--- WHAT IS REQUIRED ---
Work through the entries that follow and state how many lines contain the word "rpredN". Only the number is wanted.

--- DATASET CONTENT ---
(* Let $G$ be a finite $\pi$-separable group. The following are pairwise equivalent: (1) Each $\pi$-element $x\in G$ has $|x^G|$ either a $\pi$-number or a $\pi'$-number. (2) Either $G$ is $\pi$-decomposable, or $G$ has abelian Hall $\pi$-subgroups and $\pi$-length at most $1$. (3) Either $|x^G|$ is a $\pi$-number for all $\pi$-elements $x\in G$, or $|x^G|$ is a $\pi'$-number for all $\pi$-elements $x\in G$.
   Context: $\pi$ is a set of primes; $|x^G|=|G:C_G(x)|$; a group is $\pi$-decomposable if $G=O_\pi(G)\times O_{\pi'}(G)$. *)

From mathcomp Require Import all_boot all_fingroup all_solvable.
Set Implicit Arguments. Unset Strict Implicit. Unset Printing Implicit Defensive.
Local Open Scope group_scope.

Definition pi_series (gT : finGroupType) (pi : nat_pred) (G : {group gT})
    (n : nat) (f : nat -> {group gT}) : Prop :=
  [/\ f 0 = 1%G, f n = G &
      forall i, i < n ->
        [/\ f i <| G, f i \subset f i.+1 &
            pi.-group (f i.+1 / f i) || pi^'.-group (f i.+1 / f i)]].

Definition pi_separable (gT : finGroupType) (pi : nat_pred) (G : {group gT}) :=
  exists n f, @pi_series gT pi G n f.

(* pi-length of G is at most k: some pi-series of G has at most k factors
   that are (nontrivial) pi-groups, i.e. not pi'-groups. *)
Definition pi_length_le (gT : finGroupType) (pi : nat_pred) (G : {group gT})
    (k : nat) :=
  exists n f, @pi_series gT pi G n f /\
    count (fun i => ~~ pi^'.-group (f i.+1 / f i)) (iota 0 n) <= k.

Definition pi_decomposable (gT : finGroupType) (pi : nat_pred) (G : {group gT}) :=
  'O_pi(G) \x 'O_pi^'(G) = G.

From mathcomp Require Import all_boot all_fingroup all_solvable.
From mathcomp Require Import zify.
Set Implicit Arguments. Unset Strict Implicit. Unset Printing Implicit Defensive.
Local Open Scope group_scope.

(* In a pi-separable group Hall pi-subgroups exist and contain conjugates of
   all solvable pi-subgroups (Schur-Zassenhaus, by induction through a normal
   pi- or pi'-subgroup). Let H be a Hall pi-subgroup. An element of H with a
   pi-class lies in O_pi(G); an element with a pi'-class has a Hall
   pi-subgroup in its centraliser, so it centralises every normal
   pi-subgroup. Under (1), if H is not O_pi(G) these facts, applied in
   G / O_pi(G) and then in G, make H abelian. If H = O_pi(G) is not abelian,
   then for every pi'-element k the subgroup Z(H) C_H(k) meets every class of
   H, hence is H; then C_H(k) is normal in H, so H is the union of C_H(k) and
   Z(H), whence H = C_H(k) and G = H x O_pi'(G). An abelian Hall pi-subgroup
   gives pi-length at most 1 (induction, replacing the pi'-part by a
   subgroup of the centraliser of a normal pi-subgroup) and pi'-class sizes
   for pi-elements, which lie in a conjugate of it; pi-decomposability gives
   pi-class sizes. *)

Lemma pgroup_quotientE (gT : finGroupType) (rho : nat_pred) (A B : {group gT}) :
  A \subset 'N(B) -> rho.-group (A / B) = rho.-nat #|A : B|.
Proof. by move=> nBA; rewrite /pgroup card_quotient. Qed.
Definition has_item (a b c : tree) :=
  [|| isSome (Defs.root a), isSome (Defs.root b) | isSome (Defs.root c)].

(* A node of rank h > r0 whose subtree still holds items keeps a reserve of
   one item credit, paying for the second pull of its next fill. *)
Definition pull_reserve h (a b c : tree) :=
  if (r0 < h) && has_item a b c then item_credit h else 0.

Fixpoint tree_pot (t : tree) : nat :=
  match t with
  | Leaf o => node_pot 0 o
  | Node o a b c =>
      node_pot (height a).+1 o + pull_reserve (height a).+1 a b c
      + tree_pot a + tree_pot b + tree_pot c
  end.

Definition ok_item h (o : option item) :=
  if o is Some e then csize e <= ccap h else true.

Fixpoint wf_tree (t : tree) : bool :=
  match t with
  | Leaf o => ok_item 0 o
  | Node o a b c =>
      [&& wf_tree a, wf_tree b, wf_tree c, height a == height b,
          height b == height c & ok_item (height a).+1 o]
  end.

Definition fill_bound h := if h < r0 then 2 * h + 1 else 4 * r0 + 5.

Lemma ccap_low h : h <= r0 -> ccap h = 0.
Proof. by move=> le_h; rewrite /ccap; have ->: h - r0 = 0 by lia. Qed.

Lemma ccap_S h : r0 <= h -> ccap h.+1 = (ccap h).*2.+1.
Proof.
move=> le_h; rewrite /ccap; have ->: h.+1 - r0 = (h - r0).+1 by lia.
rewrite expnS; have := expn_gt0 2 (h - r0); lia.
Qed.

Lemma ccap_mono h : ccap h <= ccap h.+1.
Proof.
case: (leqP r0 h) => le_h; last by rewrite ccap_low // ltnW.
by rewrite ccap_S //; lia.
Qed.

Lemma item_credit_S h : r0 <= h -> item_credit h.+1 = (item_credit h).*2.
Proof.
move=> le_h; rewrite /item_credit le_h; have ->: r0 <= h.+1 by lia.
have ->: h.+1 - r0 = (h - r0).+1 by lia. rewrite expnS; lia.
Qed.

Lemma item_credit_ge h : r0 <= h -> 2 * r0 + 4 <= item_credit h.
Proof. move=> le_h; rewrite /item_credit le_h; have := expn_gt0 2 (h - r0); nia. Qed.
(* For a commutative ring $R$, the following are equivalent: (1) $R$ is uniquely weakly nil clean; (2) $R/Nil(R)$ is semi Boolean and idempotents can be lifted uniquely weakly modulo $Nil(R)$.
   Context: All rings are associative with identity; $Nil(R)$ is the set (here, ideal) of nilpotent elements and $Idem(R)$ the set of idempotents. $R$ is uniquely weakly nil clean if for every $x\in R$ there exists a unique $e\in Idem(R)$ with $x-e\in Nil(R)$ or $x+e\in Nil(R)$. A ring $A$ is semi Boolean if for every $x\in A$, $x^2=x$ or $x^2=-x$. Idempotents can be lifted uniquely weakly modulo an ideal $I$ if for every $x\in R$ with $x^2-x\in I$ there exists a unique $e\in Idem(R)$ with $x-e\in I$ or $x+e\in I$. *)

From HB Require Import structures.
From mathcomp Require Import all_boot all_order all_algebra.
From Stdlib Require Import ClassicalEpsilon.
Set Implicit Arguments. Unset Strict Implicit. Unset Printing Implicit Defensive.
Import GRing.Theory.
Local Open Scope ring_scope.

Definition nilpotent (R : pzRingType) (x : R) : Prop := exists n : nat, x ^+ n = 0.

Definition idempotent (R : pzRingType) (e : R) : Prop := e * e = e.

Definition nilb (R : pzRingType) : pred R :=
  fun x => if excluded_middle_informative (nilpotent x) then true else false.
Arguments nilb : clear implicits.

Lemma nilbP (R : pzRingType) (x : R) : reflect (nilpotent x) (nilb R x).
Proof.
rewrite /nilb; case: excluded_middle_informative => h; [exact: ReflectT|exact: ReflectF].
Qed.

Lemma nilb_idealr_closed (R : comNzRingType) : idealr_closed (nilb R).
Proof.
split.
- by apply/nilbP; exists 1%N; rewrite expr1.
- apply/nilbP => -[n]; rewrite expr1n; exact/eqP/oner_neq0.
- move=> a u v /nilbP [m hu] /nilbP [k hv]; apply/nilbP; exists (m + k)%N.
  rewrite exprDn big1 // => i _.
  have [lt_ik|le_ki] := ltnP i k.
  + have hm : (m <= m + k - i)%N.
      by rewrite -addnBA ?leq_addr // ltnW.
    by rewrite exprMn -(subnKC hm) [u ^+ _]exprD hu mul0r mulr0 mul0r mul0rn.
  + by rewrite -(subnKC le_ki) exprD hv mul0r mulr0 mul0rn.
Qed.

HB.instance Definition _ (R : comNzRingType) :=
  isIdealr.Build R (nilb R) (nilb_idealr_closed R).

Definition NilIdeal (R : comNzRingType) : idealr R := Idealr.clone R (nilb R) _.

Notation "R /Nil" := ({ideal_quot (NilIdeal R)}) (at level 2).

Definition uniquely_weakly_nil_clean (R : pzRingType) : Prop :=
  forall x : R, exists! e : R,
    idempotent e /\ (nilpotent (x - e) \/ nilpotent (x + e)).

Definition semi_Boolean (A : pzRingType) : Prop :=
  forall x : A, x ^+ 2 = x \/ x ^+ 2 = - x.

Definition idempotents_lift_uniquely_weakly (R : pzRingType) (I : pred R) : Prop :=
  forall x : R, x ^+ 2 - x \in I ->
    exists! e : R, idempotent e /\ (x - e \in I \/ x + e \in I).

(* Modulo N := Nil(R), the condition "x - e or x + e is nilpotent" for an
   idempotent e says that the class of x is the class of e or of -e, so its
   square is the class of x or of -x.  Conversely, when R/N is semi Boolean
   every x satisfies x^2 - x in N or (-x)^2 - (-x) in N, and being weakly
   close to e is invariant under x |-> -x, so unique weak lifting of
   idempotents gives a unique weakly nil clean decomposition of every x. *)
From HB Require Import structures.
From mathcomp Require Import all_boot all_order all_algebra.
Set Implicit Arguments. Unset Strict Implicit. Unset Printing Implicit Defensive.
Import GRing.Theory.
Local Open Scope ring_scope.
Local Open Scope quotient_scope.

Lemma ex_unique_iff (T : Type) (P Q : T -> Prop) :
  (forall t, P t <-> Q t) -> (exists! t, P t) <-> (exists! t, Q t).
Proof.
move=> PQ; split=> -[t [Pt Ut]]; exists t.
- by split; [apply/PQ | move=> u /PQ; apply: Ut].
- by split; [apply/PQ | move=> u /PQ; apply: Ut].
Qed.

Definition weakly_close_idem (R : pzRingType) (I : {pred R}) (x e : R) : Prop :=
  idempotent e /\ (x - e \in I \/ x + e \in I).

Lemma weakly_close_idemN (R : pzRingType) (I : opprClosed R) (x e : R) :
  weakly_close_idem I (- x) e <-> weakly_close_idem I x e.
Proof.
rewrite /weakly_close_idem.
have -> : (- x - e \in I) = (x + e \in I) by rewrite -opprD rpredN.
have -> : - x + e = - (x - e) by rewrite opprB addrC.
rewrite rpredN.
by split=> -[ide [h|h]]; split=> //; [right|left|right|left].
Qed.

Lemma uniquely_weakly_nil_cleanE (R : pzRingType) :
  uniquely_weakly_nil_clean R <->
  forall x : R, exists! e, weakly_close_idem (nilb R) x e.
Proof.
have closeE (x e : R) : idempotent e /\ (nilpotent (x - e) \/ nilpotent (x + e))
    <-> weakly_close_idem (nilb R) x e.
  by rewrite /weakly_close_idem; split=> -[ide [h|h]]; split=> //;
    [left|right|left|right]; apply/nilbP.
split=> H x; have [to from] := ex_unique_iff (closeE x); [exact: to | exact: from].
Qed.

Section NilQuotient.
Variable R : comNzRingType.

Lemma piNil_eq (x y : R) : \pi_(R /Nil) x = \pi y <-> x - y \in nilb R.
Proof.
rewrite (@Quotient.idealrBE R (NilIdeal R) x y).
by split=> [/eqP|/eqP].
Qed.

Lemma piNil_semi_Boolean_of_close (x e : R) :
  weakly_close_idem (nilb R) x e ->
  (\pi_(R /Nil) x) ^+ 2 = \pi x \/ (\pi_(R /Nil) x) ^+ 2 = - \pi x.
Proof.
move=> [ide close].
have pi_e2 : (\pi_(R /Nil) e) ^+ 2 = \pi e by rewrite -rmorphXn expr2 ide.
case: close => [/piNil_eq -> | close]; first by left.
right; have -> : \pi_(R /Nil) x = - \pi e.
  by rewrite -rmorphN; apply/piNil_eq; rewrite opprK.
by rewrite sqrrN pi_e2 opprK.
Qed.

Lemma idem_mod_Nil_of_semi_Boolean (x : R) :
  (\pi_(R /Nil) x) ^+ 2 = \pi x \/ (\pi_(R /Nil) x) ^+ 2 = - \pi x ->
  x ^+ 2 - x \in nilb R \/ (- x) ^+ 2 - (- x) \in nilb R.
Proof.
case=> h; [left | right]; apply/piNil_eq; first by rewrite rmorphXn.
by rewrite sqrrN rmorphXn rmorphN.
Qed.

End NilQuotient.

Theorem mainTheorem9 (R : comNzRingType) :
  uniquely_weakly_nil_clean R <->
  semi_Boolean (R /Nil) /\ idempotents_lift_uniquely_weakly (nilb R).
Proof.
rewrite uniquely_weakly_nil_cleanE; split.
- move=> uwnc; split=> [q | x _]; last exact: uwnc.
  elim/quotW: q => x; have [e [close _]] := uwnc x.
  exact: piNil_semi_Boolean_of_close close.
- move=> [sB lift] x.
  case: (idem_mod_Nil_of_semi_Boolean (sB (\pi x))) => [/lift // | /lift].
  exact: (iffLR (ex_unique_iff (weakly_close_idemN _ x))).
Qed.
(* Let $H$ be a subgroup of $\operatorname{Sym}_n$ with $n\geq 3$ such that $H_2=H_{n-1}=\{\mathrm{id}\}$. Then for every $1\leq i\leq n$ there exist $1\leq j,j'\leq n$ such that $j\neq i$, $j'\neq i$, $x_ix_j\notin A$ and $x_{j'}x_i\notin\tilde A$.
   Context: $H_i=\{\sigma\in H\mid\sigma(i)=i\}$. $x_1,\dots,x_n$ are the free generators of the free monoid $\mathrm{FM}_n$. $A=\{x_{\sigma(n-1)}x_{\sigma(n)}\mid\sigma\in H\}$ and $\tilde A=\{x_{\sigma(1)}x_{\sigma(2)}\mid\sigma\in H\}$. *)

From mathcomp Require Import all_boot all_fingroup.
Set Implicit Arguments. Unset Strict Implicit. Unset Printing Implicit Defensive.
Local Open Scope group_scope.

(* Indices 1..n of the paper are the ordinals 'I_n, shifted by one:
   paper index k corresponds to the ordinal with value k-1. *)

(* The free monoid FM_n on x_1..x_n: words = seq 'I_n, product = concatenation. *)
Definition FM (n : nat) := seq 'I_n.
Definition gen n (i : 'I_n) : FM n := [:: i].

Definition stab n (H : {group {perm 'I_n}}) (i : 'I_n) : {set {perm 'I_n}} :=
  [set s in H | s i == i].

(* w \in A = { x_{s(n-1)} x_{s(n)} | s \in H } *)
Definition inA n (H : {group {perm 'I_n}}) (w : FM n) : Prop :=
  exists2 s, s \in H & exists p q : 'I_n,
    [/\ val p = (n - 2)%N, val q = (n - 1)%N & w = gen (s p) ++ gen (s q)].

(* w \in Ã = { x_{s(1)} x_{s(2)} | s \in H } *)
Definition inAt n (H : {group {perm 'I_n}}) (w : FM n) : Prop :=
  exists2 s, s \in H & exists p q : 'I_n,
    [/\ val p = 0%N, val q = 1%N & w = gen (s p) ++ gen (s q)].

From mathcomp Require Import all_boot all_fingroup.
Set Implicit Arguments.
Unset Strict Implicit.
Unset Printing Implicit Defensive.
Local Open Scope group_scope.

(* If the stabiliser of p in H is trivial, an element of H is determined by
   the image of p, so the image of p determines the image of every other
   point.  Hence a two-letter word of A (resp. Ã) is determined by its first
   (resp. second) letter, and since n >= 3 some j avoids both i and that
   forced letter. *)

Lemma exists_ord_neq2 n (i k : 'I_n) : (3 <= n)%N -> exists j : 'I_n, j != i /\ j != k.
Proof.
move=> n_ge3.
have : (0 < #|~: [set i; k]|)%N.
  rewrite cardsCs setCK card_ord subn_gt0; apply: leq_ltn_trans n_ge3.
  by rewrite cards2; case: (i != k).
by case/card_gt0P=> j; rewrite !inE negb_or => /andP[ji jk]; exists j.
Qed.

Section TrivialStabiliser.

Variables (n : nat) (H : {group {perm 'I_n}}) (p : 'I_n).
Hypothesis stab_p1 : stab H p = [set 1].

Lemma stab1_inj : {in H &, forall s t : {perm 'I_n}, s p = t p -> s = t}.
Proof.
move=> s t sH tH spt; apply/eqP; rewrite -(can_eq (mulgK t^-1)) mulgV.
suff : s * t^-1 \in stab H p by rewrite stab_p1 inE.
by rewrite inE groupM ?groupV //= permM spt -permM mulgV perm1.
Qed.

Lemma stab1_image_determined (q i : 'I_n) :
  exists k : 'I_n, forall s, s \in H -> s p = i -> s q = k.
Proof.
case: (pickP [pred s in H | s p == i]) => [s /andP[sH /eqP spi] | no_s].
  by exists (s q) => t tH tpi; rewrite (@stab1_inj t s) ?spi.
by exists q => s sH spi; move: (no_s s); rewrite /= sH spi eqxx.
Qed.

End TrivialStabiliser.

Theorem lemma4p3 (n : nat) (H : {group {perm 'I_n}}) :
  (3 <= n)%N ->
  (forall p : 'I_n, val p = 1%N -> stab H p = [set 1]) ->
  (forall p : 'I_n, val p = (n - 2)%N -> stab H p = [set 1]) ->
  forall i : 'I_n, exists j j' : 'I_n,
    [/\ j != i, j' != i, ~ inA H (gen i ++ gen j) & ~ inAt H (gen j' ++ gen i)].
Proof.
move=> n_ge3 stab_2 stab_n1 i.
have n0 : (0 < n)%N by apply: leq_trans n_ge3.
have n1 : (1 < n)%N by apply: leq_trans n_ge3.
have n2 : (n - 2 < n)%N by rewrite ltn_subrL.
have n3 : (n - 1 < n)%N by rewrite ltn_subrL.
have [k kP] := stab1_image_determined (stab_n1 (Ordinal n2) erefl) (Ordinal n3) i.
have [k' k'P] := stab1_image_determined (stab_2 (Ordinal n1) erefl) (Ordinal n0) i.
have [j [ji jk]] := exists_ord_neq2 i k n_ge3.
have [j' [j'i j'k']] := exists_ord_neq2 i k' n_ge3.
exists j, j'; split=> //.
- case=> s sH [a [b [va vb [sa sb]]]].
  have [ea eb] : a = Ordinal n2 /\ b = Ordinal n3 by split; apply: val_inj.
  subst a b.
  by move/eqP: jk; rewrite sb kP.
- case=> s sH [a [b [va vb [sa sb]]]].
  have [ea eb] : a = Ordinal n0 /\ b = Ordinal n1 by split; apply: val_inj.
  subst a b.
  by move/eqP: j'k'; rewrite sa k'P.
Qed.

--- SOLUTION FOR THIS EXERCISE ---
2